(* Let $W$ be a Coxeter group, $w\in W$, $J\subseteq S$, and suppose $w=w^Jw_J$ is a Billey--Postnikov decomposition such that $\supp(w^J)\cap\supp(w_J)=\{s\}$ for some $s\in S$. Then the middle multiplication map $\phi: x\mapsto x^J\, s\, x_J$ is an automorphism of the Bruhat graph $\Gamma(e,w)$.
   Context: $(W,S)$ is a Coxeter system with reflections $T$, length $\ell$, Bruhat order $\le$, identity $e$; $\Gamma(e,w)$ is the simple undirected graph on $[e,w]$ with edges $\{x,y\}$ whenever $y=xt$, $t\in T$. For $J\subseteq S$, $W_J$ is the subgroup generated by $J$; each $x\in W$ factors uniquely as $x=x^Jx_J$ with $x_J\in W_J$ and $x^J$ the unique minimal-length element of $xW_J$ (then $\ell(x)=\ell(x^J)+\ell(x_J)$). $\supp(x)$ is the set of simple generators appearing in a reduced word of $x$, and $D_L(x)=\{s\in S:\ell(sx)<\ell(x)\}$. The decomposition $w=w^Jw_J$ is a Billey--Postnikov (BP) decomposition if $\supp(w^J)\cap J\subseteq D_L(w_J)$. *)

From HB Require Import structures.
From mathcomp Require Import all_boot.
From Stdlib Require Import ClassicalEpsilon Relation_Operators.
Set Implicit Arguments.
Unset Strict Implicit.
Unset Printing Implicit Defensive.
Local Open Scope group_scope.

▬▬▬▬▬▬▬▬▬▬

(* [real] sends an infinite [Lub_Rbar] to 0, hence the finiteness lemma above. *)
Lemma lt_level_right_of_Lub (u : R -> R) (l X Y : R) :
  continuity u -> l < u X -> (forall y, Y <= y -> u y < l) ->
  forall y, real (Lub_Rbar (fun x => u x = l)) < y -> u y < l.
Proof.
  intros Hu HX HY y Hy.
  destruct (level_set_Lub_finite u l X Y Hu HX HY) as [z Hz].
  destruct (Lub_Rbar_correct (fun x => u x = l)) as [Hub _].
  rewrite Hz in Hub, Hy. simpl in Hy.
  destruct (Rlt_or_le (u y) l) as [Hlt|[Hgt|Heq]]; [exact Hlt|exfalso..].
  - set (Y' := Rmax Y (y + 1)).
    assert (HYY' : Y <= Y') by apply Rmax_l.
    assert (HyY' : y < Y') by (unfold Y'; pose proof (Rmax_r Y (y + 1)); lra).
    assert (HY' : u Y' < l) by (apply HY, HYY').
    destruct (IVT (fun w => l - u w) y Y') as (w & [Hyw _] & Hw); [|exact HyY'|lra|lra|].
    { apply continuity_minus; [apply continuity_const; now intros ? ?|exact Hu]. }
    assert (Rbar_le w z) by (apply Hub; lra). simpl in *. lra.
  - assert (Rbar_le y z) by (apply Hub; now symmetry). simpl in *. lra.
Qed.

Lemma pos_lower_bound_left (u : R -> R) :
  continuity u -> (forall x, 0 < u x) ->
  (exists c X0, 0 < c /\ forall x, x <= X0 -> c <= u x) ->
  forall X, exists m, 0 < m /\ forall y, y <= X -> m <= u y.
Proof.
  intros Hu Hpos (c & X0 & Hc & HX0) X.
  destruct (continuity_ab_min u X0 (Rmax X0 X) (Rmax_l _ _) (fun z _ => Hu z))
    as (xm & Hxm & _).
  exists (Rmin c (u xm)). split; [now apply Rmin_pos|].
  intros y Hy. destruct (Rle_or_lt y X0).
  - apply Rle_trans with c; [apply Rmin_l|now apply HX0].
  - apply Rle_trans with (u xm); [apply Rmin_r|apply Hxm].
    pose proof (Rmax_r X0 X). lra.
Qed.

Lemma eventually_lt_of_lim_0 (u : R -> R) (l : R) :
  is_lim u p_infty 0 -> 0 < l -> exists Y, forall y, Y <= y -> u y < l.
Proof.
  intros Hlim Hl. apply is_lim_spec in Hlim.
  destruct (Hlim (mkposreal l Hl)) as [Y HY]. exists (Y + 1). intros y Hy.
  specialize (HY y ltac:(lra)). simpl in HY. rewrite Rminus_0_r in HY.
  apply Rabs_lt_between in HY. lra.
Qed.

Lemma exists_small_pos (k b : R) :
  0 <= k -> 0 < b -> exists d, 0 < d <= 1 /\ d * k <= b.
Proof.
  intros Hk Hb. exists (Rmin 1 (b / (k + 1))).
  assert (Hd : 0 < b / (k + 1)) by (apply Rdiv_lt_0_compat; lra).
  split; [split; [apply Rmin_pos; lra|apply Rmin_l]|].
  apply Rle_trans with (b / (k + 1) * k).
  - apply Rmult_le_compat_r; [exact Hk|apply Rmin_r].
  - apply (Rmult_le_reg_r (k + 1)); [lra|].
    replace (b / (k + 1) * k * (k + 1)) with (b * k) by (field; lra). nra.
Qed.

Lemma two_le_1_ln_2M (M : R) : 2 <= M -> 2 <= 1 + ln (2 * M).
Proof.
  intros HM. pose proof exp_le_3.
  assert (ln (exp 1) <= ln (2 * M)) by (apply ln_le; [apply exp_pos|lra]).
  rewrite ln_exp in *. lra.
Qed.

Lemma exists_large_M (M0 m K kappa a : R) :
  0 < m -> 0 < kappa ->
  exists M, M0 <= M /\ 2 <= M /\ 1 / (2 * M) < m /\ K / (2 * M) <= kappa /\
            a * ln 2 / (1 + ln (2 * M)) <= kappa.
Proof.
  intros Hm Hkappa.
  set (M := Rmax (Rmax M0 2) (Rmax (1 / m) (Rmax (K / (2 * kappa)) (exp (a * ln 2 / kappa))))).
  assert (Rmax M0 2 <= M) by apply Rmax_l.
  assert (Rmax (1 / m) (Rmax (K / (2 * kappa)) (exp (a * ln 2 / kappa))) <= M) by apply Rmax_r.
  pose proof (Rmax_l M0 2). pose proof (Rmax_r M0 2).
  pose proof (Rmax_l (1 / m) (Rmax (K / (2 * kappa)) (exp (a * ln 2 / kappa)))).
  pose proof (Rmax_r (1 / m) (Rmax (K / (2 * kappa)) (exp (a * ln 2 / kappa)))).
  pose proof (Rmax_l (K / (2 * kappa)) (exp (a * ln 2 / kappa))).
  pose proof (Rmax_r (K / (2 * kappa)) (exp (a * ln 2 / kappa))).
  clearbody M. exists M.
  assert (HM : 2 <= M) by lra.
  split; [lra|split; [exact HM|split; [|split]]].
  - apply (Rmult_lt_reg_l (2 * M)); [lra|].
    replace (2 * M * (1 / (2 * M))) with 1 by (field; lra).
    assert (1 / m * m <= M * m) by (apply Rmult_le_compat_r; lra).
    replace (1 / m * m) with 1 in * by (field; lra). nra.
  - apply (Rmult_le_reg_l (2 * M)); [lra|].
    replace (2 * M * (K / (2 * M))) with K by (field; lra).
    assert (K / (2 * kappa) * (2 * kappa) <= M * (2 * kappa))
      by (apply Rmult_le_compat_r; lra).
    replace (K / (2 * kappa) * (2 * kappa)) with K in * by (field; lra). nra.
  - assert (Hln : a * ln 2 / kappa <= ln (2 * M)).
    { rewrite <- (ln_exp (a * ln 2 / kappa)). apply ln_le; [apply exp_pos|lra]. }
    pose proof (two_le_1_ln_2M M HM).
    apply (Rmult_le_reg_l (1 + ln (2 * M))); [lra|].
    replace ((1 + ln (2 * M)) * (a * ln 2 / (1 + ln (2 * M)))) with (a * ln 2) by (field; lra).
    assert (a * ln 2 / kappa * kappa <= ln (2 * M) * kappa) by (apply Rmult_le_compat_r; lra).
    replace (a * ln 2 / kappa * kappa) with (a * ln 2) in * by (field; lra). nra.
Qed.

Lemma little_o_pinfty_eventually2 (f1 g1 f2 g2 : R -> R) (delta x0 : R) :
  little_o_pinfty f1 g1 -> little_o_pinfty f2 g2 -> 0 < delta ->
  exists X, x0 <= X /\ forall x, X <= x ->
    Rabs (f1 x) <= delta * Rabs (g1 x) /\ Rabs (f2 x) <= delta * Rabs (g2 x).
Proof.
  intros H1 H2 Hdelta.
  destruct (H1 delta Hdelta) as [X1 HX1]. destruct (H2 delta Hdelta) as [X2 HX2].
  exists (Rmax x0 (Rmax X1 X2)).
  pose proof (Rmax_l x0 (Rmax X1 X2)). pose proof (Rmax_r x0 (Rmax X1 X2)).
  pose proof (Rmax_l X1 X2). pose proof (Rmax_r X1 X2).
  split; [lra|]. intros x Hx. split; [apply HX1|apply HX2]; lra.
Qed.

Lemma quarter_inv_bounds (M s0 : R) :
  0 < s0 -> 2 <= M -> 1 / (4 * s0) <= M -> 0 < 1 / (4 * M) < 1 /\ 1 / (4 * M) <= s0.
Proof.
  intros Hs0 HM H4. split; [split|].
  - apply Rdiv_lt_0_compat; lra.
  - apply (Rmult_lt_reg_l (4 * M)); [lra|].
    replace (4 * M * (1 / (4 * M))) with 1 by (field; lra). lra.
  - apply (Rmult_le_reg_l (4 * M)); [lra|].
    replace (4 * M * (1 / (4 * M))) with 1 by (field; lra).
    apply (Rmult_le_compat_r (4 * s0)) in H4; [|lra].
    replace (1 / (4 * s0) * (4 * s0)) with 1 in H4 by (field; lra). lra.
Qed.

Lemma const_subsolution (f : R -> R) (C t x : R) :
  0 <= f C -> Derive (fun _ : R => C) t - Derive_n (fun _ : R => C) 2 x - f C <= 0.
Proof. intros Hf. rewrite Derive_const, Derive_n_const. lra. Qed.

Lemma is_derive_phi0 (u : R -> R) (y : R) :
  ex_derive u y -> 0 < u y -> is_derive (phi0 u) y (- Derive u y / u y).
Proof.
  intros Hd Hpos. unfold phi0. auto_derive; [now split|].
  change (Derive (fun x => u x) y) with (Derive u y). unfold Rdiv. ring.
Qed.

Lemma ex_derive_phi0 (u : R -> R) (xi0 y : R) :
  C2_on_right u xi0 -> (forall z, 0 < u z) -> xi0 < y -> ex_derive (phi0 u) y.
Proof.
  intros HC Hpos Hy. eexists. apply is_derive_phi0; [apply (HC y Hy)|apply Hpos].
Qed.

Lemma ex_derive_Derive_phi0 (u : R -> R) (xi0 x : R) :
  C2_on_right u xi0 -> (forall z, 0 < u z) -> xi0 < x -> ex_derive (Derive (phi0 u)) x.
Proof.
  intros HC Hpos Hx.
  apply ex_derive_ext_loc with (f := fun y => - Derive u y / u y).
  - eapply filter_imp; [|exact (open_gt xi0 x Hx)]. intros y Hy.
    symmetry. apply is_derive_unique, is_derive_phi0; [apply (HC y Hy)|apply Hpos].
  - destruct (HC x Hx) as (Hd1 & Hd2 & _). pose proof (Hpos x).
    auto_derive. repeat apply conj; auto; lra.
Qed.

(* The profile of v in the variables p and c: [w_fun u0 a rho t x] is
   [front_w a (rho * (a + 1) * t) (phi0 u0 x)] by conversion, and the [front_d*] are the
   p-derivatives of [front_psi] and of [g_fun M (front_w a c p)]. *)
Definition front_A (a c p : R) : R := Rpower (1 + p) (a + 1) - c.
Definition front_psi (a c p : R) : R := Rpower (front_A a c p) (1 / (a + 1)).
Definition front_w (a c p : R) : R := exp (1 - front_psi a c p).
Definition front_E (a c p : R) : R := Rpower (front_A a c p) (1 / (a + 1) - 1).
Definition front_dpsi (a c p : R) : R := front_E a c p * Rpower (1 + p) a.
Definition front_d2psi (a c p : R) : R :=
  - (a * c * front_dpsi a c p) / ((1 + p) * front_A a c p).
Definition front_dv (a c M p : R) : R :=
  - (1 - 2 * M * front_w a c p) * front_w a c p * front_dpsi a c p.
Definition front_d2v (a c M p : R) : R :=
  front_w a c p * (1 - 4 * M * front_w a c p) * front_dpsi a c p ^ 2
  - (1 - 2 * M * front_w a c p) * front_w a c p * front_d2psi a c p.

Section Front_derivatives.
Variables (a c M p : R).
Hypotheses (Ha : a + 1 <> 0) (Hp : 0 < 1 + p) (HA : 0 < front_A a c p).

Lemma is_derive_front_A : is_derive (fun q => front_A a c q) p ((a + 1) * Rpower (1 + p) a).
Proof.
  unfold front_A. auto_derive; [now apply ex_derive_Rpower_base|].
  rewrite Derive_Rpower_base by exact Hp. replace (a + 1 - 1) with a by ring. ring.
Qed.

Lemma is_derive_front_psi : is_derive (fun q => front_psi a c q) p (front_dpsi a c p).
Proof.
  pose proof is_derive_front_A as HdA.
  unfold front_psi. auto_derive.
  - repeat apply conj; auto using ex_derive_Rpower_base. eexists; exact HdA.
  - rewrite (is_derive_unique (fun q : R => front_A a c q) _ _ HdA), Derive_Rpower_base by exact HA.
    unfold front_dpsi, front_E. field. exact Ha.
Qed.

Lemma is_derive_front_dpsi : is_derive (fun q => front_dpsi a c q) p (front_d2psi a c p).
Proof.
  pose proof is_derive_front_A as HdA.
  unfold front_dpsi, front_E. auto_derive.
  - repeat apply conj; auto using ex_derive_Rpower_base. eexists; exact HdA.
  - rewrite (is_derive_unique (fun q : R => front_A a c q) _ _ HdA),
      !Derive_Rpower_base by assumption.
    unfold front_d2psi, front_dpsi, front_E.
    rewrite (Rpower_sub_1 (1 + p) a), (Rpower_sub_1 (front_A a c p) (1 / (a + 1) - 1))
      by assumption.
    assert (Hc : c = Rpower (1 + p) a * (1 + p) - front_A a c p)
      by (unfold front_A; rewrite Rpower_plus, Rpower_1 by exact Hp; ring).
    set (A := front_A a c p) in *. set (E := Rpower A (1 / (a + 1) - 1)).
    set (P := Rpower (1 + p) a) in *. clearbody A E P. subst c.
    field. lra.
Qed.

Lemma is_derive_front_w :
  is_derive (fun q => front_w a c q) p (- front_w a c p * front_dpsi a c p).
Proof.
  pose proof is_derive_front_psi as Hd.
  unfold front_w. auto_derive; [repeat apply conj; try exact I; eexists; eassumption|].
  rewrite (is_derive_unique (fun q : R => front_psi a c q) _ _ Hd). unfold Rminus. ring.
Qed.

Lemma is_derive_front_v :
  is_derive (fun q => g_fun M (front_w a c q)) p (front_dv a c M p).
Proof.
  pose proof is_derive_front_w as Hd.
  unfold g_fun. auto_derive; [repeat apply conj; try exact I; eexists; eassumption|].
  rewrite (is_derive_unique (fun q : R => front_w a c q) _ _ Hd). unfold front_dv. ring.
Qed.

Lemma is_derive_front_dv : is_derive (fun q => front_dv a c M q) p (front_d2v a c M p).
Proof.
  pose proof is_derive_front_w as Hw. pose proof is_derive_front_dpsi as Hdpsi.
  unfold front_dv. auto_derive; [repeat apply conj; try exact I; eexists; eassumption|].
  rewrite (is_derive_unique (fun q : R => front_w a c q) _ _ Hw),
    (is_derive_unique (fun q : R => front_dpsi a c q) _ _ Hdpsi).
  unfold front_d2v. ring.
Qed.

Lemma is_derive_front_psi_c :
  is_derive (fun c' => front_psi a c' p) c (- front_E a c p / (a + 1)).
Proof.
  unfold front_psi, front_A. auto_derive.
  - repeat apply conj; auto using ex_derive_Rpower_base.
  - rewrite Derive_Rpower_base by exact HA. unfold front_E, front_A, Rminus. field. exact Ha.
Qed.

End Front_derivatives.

▬▬▬▬▬▬▬▬▬▬

-- AIM OF THE TASK --
In the entries above, the lines between the one holding "assert (ln (exp" and the one holding "clearbody M. exists M.", inclusive, are to be printed exactly as written, and those alone.

-- OUTPUT OF THE TASK --
  assert (ln (exp 1) <= ln (2 * M)) by (apply ln_le; [apply exp_pos|lra]).
  rewrite ln_exp in *. lra.
Qed.

Lemma exists_large_M (M0 m K kappa a : R) :
  0 < m -> 0 < kappa ->
  exists M, M0 <= M /\ 2 <= M /\ 1 / (2 * M) < m /\ K / (2 * M) <= kappa /\
            a * ln 2 / (1 + ln (2 * M)) <= kappa.
Proof.
  intros Hm Hkappa.
  set (M := Rmax (Rmax M0 2) (Rmax (1 / m) (Rmax (K / (2 * kappa)) (exp (a * ln 2 / kappa))))).
  assert (Rmax M0 2 <= M) by apply Rmax_l.
  assert (Rmax (1 / m) (Rmax (K / (2 * kappa)) (exp (a * ln 2 / kappa))) <= M) by apply Rmax_r.
  pose proof (Rmax_l M0 2). pose proof (Rmax_r M0 2).
  pose proof (Rmax_l (1 / m) (Rmax (K / (2 * kappa)) (exp (a * ln 2 / kappa)))).
  pose proof (Rmax_r (1 / m) (Rmax (K / (2 * kappa)) (exp (a * ln 2 / kappa)))).
  pose proof (Rmax_l (K / (2 * kappa)) (exp (a * ln 2 / kappa))).
  pose proof (Rmax_r (K / (2 * kappa)) (exp (a * ln 2 / kappa))).
  clearbody M. exists M.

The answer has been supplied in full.